(* Let $n\ge 2$ and let $d_1\ge d_2\ge\cdots\ge d_n\ge 1$ be integers, with node $k$ of $V=\{1,\dots,n\}$ assigned the value $d_k$. Fix a node $i\in V$ and a set $X(i)=\{j_1,\dots,j_m\}\subset V\setminus\{i\}$ with $m\le n-1-d_i$. Let $L(i)$ be the set of the $d_i$ smallest indices in $V\setminus(X(i)\cup\{i\})$. Then there is a simple graph $G(V,E)$ in which each node $k$ has degree $d_k$ and such that $(i,j)\notin E$ for all $j\in X(i)$, if and only if the sequence $d'|_{L(i)}$ reduced by $L(i)$ is graphical.
   Context: A sequence of nonnegative integers $(e_1,\dots,e_n)$ is graphical if there is a simple undirected graph (no loops, no multiple edges) on vertex set $\{1,\dots,n\}$ in which vertex $k$ has degree $e_k$ for every $k$ (vertices of degree $0$ are allowed). For a set $A(i)\subset V\setminus\{i\}$ with $|A(i)|=d_i$, the sequence reduced by $A(i)$ is $d'|_{A(i)}=(d'_1,\dots,d'_n)$ with $d'_k=d_k-1$ if $k\in A(i)$, $d'_k=d_k$ if $k\in V\setminus(A(i)\cup\{i\})$, and $d'_i=0$. *)

From mathcomp Require Import all_boot.
Set Implicit Arguments. Unset Strict Implicit. Unset Printing Implicit Defensive.

(* Vertex set V = {1,...,n} is modelled by 'I_n = {0,...,n-1} (order preserved). *)

Definition simple_graph n (g : rel 'I_n) : Prop := irreflexive g /\ symmetric g.

Definition has_degrees n (g : rel 'I_n) (e : 'I_n -> nat) : Prop :=
  forall k, #|[set j | g k j]| = e k.

Definition graphical n (e : 'I_n -> nat) : Prop :=
  exists g : rel 'I_n, simple_graph g /\ has_degrees g e.

Definition reduced n (d : 'I_n -> nat) (i : 'I_n) (A : {set 'I_n}) : 'I_n -> nat :=
  fun k => if k == i then 0 else if k \in A then d k - 1 else d k.

(* L(i): the d_i smallest indices of V \ (X ∪ {i}). *)
Definition Lset n (d : 'I_n -> nat) (i : 'I_n) (X : {set 'I_n}) : {set 'I_n} :=
  [set k | [&& k \notin X, k != i &
     #|[set j : 'I_n | [&& j \notin X, j != i & (j < k)%N]]| < d i]].

From mathcomp Require Import all_boot.
Set Implicit Arguments. Unset Strict Implicit. Unset Printing Implicit Defensive.

(* If d' reduced by L(i) is realized, joining i to L(i) realizes d, and no edge
   meets X(i) because L(i) avoids X(i).  Conversely, take a realization of d
   avoiding X(i).  While some v is a neighbour of i outside L(i), there is
   u in L(i) that is not a neighbour of i; u precedes v, so d_u >= d_v, and as
   i is a neighbour of v but not of u, u has a neighbour w <> v that v lacks.
   The switch of the edges iv, uw for iu, vw keeps all degrees, still avoids
   X(i), and brings the neighbourhood of i closer to L(i).  Once it equals
   L(i), deleting i realizes the reduced sequence. *)

Section Rank.
Variables (n : nat) (E : {set 'I_n}).

Definition rank (k : 'I_n) := #|[set j in E | j < k]|.

Lemma rank_mono (j k : 'I_n) : j <= k -> rank j <= rank k.
Proof.
move=> le_jk; apply/subset_leq_card/subsetP => x; rewrite !inE.
by case/andP=> -> /leq_trans->.
Qed.

Lemma ltn_of_rank (u v : 'I_n) : rank u < rank v -> u < v.
Proof.
by move=> lt_r; rewrite ltnNge; apply: contraTN lt_r => /rank_mono; rewrite -leqNgt.
Qed.

Lemma rank_strict (j k : 'I_n) : j \in E -> j < k -> rank j < rank k.
Proof.
move=> Ej lt_jk; apply/proper_card/properP; split.
  by apply/subsetP => x; rewrite !inE => /andP[-> /ltn_trans->].
by exists j; rewrite !inE ?Ej ?lt_jk // ltnn andbF.
Qed.

Lemma rank_lt_card k : k \in E -> rank k < #|E|.
Proof.
move=> Ek; apply/proper_card/properP; split.
  by apply/subsetP => x; rewrite inE => /andP[].
by exists k; rewrite // inE ltnn andbF.
Qed.

Lemma rank_inj : {in E &, injective rank}.
Proof.
move=> j k Ej Ek eq_rank; apply: val_inj.
case: (ltngtP j k) => // lt.
  by have := rank_strict Ej lt; rewrite eq_rank ltnn.
by have := rank_strict Ek lt; rewrite eq_rank ltnn.
Qed.

Lemma uniq_image_rank (A : {set 'I_n}) : A \subset E -> uniq (image rank A).
Proof.
move=> sAE; rewrite map_inj_in_uniq ?enum_uniq // => j k; rewrite !mem_enum.
by move=> Aj Ak; apply: rank_inj; apply: (subsetP sAE).
Qed.

Lemma image_rank : image rank E =i iota 0 #|E|.
Proof.
apply: (uniq_min_size (uniq_image_rank (subxx E)) _ _).2.
- by move=> _ /imageP[k Ek ->]; rewrite mem_iota rank_lt_card.
- by rewrite size_image size_iota.
Qed.

Lemma card_rank_lt m : m <= #|E| -> #|[set k in E | rank k < m]| = m.
Proof.
move=> le_mE; rewrite -(size_image rank) -[RHS](size_iota 0).
apply/perm_size/uniq_perm.
- by apply: uniq_image_rank; apply/subsetP => k; rewrite inE => /andP[].
- exact: iota_uniq.
move=> r; rewrite mem_iota /=; apply/imageP/idP => [[k] | lt_rm].
  by rewrite inE => /andP[_ lt_km] ->.
have : r \in image rank E by rewrite image_rank mem_iota (leq_trans lt_rm).
by case/imageP => k Ek eq_r; exists k; rewrite // inE Ek -eq_r.
Qed.

End Rank.

Lemma cards_swap (T : finType) (A : {set T}) (a b : T) :
  a \in A -> b \notin A -> #|b |: (A :\ a)| = #|A|.
Proof. by move=> Aa Ab; rewrite cardsU1 (cardsD1 a A) Aa !inE (negbTE Ab) andbF. Qed.

Section Switch.
Variables (n : nat) (g : rel 'I_n).

Definition edge (a b : 'I_n) : rel 'I_n :=
  fun x y => ((x == a) && (y == b)) || ((x == b) && (y == a)).

Definition switch (a b c d : 'I_n) : rel 'I_n := fun x y =>
  [|| g x y && ~~ edge a b x y && ~~ edge c d x y, edge a c x y | edge b d x y].

Lemma edgeC a b : edge a b =2 edge b a.
Proof. by move=> x y; rewrite /edge orbC. Qed.

Lemma edge_sym a b x y : edge a b x y = edge a b y x.
Proof. by rewrite /edge orbC andbC [(y == b) && _]andbC. Qed.

Lemma edge_xx a b x : a != b -> edge a b x x = false.
Proof.
move=> ab; rewrite /edge.
by case: (eqVneq x a) => [->|/negbTE xa]; rewrite ?eqxx ?(negbTE ab) ?xa ?andbF.
Qed.

Lemma switch_flip a b c d : switch a b c d =2 switch b a d c.
Proof.
by move=> x y; rewrite /switch (edgeC a b) (edgeC c d) [edge a c x y || _]orbC.
Qed.

Lemma switch_swap a b c d : switch a b c d =2 switch c d a b.
Proof.
move=> x y; rewrite /switch (edgeC a c) (edgeC b d) -!andbA.
by rewrite [~~ edge a b x y && _]andbC.
Qed.

Lemma neighbours_switch a b c d : a != b -> a != c -> a != d ->
  [set y | switch a b c d a y] = c |: ([set y | g a y] :\ b).
Proof.
move=> ab ac ad; apply/setP => y; rewrite !inE /switch /edge eqxx.
rewrite (negbTE ab) (negbTE ac) (negbTE ad) /=.
by rewrite !orbF andbT orbC andbC.
Qed.

Lemma neighbours_switch_other a b c d x :
  x != a -> x != b -> x != c -> x != d ->
  [set y | switch a b c d x y] = [set y | g x y].
Proof.
move=> xa xb xc xd; apply/setP => y; rewrite !inE /switch /edge.
by rewrite (negbTE xa) (negbTE xb) (negbTE xc) (negbTE xd) /= !andbT !orbF.
Qed.

Lemma switch_realizes e a b c d :
  simple_graph g -> has_degrees g e ->
  g a b -> g c d -> ~~ g a c -> ~~ g b d ->
  a != c -> a != d -> b != c -> b != d ->
  simple_graph (switch a b c d) /\ has_degrees (switch a b c d) e.
Proof.
move=> [irr sym] deg gab gcd gac gbd ac ad bc bd.
have ab : a != b by apply: contraTneq gab => ->; rewrite irr.
have cd : c != d by apply: contraTneq gcd => ->; rewrite irr.
have [ba ca da] : [/\ b != a, c != a & d != a] by rewrite !(eq_sym _ a).
have [cb db dc] : [/\ c != b, d != b & d != c] by rewrite !(eq_sym _ b) (eq_sym d).
split; first split.
- by move=> x; rewrite /switch irr !edge_xx.
- by move=> x y; rewrite /switch sym !(edge_sym _ _ x y).
have [gba gdc] : g b a /\ g d c by rewrite sym (sym d).
have [gca gdb] : ~~ g c a /\ ~~ g d b by rewrite sym (sym d).
move=> x; rewrite -deg.
have [->|xa] := eqVneq x a.
  by rewrite neighbours_switch // cards_swap ?inE.
have [->|xb] := eqVneq x b.
  rewrite (eq_finset _ (switch_flip a b c d b)) neighbours_switch //.
  by rewrite cards_swap ?inE.
have [->|xc] := eqVneq x c.
  rewrite (eq_finset _ (switch_swap a b c d c)) neighbours_switch //.
  by rewrite cards_swap ?inE.
have [->|xd] := eqVneq x d.
  rewrite (eq_finset _ (switch_swap a b c d d)).
  rewrite (eq_finset _ (switch_flip c d a b d)).
  by rewrite neighbours_switch // cards_swap ?inE.
by rewrite neighbours_switch_other.
Qed.

End Switch.

Section Lset.
Variables (n : nat) (d : 'I_n -> nat) (i : 'I_n) (X : {set 'I_n}).
Let E := ~: (i |: X).

Lemma Lset_rank : Lset d i X = [set k in E | rank E k < d i].
Proof.
have memE j : (j \in E) = (j \notin X) && (j != i) by rewrite !inE negb_or andbC.
apply/setP => k; rewrite inE [RHS]inE memE -andbA /rank.
do 2!congr (_ && _); congr (_ < _); apply: eq_card => j.
by rewrite inE [RHS]inE memE andbA.
Qed.

Lemma Lset_sub : Lset d i X \subset E.
Proof. by rewrite Lset_rank; apply/subsetP => k; rewrite inE => /andP[]. Qed.

Lemma card_Lset : i \notin X -> #|X| + d i <= n - 1 -> #|Lset d i X| = d i.
Proof.
move=> iX le_card; rewrite Lset_rank card_rank_lt //.
rewrite -(leq_add2l #|i |: X|) cardsC card_ord cardsU1 iX add1n.
rewrite addSn (leq_ltn_trans le_card) // subn1 ltn_predL.
exact: leq_ltn_trans (ltn_ord i).
Qed.

Lemma Lset_ltn u v : u \in Lset d i X -> v \in E -> v \notin Lset d i X -> u < v.
Proof.
rewrite Lset_rank !inE => /andP[_ lt_u] Ev; rewrite Ev /= -leqNgt => le_v.
by apply: ltn_of_rank; apply: leq_trans le_v.
Qed.

End Lset.

Lemma cards_swapD (T : finType) (A L : {set T}) (u v : T) :
  u \in L -> v \in A :\: L -> #|(u |: (A :\ v)) :\: L| < #|A :\: L|.
Proof.
move=> Lu vAL; apply/proper_card/properP; split.
  apply/subsetP => y; rewrite !inE => /andP[Ly /orP[/eqP yu | /andP[_ Ay]]].
    by rewrite yu Lu in Ly.
  by rewrite Ly.
have vu : v != u by apply: contraTneq vAL => ->; rewrite inE Lu.
by exists v; rewrite // !inE eqxx (negbTE vu) andbF.
Qed.

Lemma exists_private_neighbour n (g : rel 'I_n) (u v x : 'I_n) :
  simple_graph g -> #|[set y | g v y]| <= #|[set y | g u y]| ->
  g v x -> ~~ g u x -> x != u -> exists w, [/\ g u w, ~~ g v w & v != w].
Proof.
move=> [irr sym] le_deg gvx gux xu.
have /subsetPn[w] : ~~ ([set y | g u y] :\ v \subset [set y | g v y] :\ u).
  apply/negP => sub.
  have lt_card : #|[set y | g u y] :\ v| < #|[set y | g v y] :\ u|.
    apply/proper_card/properP; split=> //.
    by exists x; rewrite !inE ?xu ?gvx ?(negbTE gux) ?andbF.
  suff : #|[set y | g v y] :\ u| <= #|[set y | g u y] :\ v|.
    by rewrite leqNgt lt_card.
  rewrite -(leq_add2l (g u v)) {1}sym.
  have := cardsD1 v [set y | g u y]; have := cardsD1 u [set y | g v y].
  by rewrite !inE => <- <-.
rewrite !inE => /andP[wv guw] /negP gvw; exists w; split; rewrite 1?eq_sym //.
apply/negP => gvw'; apply: gvw; rewrite gvw' andbT.
by apply: contraTneq guw => ->; rewrite irr.
Qed.

Section NeighboursLset.
Variables (n : nat) (d : 'I_n -> nat) (i : 'I_n) (X : {set 'I_n}).
Hypothesis d_noninc : forall k l : 'I_n, k <= l -> d l <= d k.
Hypothesis card_L : #|Lset d i X| = d i.
Let L := Lset d i X.

Lemma switch_step g v :
  simple_graph g -> has_degrees g d -> (forall j, j \in X -> ~~ g i j) ->
  v \in [set j | g i j] :\: L ->
  exists g', [/\ simple_graph g', has_degrees g' d,
    (forall j, j \in X -> ~~ g' i j) &
    #|[set j | g' i j] :\: L| < #|[set j | g i j] :\: L|].
Proof.
move=> gs gd gX vNL; have [irr sym] := gs.
have /andP[vL giv] : (v \notin L) && g i v by move: vNL; rewrite !inE.
have /subsetPn[u Lu] : ~~ (L \subset [set j | g i j]).
  apply: contra vL => /(subset_cardP (etrans card_L (esym (gd i)))) eqLN.
  by rewrite eqLN inE.
rewrite inE => giu.
have /andP[iu uX] : (i != u) && (u \notin X).
  by have := subsetP (Lset_sub d i X) u Lu; rewrite !inE negb_or eq_sym.
have Ev : v \in ~: (i |: X).
  rewrite !inE negb_or; apply/andP; split.
    by apply: contraTneq giv => ->; rewrite irr.
  by apply: contraTN giv; apply: gX.
have vu : v != u by apply: contraTneq (Lset_ltn Lu Ev vL) => ->; rewrite ltnn.
have [w [guw gvw vw]] : exists w, [/\ g u w, ~~ g v w & v != w].
  apply: (exists_private_neighbour (x := i) gs); rewrite 1?sym //.
  by rewrite !gd d_noninc // ltnW // (Lset_ltn Lu Ev vL).
have iw : i != w by apply: contraTneq guw => <-; rewrite sym.
have iv : i != v by apply: contraTneq giv => ->; rewrite irr.
have [gs' gd'] := switch_realizes gs gd giv guw giu gvw iu iw vu vw.
have Ni' := neighbours_switch g iv iu iw.
exists (switch g i v u w); split=> //; last by rewrite Ni' cards_swapD.
move=> j Xj; have ju : j != u by apply: contraTneq Xj => ->.
move/setP/(_ j): Ni'; rewrite !inE => ->.
by rewrite (negbTE ju) (negbTE (gX j Xj)) andbF.
Qed.

Lemma realization_with_neighbours_Lset g :
  simple_graph g -> has_degrees g d -> (forall j, j \in X -> ~~ g i j) ->
  exists g', [/\ simple_graph g', has_degrees g' d & [set j | g' i j] = L].
Proof.
have [m] := ubnP #|[set j | g i j] :\: L|; elim: m g => // m IH g lt_m gs gd gX.
case: (eqVneq ([set j | g i j] :\: L) set0) => [NL0 | /set0Pn[v vNL]].
  exists g; split=> //; apply/eqP.
  by rewrite eqEcard card_L gd leqnn andbT -setD_eq0 NL0.
have [g' [gs' gd' gX' lt_g']] := switch_step gs gd gX vNL.
exact: IH g' (leq_trans lt_g' (ltnSE lt_m)) gs' gd' gX'.
Qed.

End NeighboursLset.

Section Reduced.
Variables (n : nat) (d : 'I_n -> nat) (i : 'I_n) (A : {set 'I_n}).

Lemma reduced_graphical g :
  simple_graph g -> has_degrees g d -> [set j | g i j] = A ->
  graphical (reduced d i A).
Proof.
move=> [irr sym] deg NiA.
exists (fun x y => [&& g x y, x != i & y != i]); split; first split.
- by move=> x; rewrite irr.
- by move=> x y; rewrite sym; congr (_ && _); apply: andbC.
move=> k; rewrite /reduced; case: (eqVneq k i) => [->|ki].
  by apply/eqP; rewrite cards_eq0; apply/eqP/setP => y; rewrite !inE andbF.
rewrite (_ : [set j | _] = [set j | g k j] :\ i); last first.
  by apply/setP => y; rewrite !inE andbC.
have kA : (k \in A) = (i \in [set j | g k j]) by rewrite -NiA !inE sym.
have := cardsD1 i [set j | g k j]; rewrite deg -kA.
by case: (k \in A) => ->; rewrite ?add1n ?subn1.
Qed.

Lemma realization_of_reduced :
  i \notin A -> #|A| = d i -> {in A, forall k, 0 < d k} ->
  graphical (reduced d i A) ->
  exists g, [/\ simple_graph g, has_degrees g d & [set j | g i j] = A].
Proof.
move=> iA cardA dA [g0 [[irr sym] deg0]].
have g0i y : g0 i y = false.
  have /eqP := deg0 i; rewrite /reduced eqxx cards_eq0 => /eqP/setP/(_ y).
  by rewrite !inE.
pose g x y := [|| g0 x y, (x == i) && (y \in A) | (y == i) && (x \in A)].
have Ni : [set j | g i j] = A.
  by apply/setP => y; rewrite !inE /g g0i eqxx (negbTE iA) /= andbF orbF.
exists g; split=> //; first split.
- move=> x; rewrite /g irr.
  by case: (eqVneq x i) => [->|]; rewrite ?(negbTE iA) ?andbF.
- by move=> x y; rewrite /g sym; congr (_ || _); apply: orbC.
move=> k; case: (eqVneq k i) => [->|ki]; first by rewrite Ni.
have := deg0 k; rewrite /reduced (negbTE ki).
case: ifP => kA deg0k.
  have i_notin : i \notin [set j | g0 k j] by rewrite inE sym g0i.
  have -> : [set j | g k j] = i |: [set j | g0 k j].
    by apply/setP => y; rewrite !inE /g (negbTE ki) kA /= andbT orbC.
  by rewrite cardsU1 i_notin deg0k add1n subn1 prednK // dA.
rewrite -deg0k; apply: eq_card => y.
by rewrite !inE /g (negbTE ki) kA /= !andbF !orbF.
Qed.

End Reduced.

Theorem theorem3 (n : nat) (d : 'I_n -> nat) (i : 'I_n) (X : {set 'I_n}) :
  2 <= n ->
  (forall k l : 'I_n, k <= l -> d l <= d k) ->
  (forall k : 'I_n, 1 <= d k) ->
  i \notin X ->
  #|X| + d i <= n - 1 ->
  (exists g : rel 'I_n,
      simple_graph g /\ has_degrees g d /\ (forall j, j \in X -> ~~ g i j))
  <-> graphical (reduced d i (Lset d i X)).
Proof.
move=> _ d_noninc d_pos iX card_X.
have card_L := card_Lset iX card_X.
have L_E := Lset_sub d i X.
split=> [[g [gs [gd gX]]] | red].
  have [g' [gs' gd' NL]] := realization_with_neighbours_Lset d_noninc card_L gs gd gX.
  exact: reduced_graphical gs' gd' NL.
have iL : i \notin Lset d i X by apply/negP => /(subsetP L_E); rewrite !inE eqxx.
have [g [gs gd NL]] := realization_of_reduced iL card_L (fun k _ => d_pos k) red.
exists g; do 2!split=> //; move=> j Xj; apply: contraTN Xj => gij.
have : j \in Lset d i X by rewrite -NL inE.
by move/(subsetP L_E); rewrite !inE negb_or => /andP[].
Qed.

Your task:
Go through the records from the first line and copy each one exactly, ending after the line that contains "(* If d' reduced". Give nothing else.

Task result:
(* Let $n\ge 2$ and let $d_1\ge d_2\ge\cdots\ge d_n\ge 1$ be integers, with node $k$ of $V=\{1,\dots,n\}$ assigned the value $d_k$. Fix a node $i\in V$ and a set $X(i)=\{j_1,\dots,j_m\}\subset V\setminus\{i\}$ with $m\le n-1-d_i$. Let $L(i)$ be the set of the $d_i$ smallest indices in $V\setminus(X(i)\cup\{i\})$. Then there is a simple graph $G(V,E)$ in which each node $k$ has degree $d_k$ and such that $(i,j)\notin E$ for all $j\in X(i)$, if and only if the sequence $d'|_{L(i)}$ reduced by $L(i)$ is graphical.
   Context: A sequence of nonnegative integers $(e_1,\dots,e_n)$ is graphical if there is a simple undirected graph (no loops, no multiple edges) on vertex set $\{1,\dots,n\}$ in which vertex $k$ has degree $e_k$ for every $k$ (vertices of degree $0$ are allowed). For a set $A(i)\subset V\setminus\{i\}$ with $|A(i)|=d_i$, the sequence reduced by $A(i)$ is $d'|_{A(i)}=(d'_1,\dots,d'_n)$ with $d'_k=d_k-1$ if $k\in A(i)$, $d'_k=d_k$ if $k\in V\setminus(A(i)\cup\{i\})$, and $d'_i=0$. *)

From mathcomp Require Import all_boot.
Set Implicit Arguments. Unset Strict Implicit. Unset Printing Implicit Defensive.

(* Vertex set V = {1,...,n} is modelled by 'I_n = {0,...,n-1} (order preserved). *)

Definition simple_graph n (g : rel 'I_n) : Prop := irreflexive g /\ symmetric g.

Definition has_degrees n (g : rel 'I_n) (e : 'I_n -> nat) : Prop :=
  forall k, #|[set j | g k j]| = e k.

Definition graphical n (e : 'I_n -> nat) : Prop :=
  exists g : rel 'I_n, simple_graph g /\ has_degrees g e.

Definition reduced n (d : 'I_n -> nat) (i : 'I_n) (A : {set 'I_n}) : 'I_n -> nat :=
  fun k => if k == i then 0 else if k \in A then d k - 1 else d k.

(* L(i): the d_i smallest indices of V \ (X ∪ {i}). *)
Definition Lset n (d : 'I_n -> nat) (i : 'I_n) (X : {set 'I_n}) : {set 'I_n} :=
  [set k | [&& k \notin X, k != i &
     #|[set j : 'I_n | [&& j \notin X, j != i & (j < k)%N]]| < d i]].

From mathcomp Require Import all_boot.
Set Implicit Arguments. Unset Strict Implicit. Unset Printing Implicit Defensive.

(* If d' reduced by L(i) is realized, joining i to L(i) realizes d, and no edge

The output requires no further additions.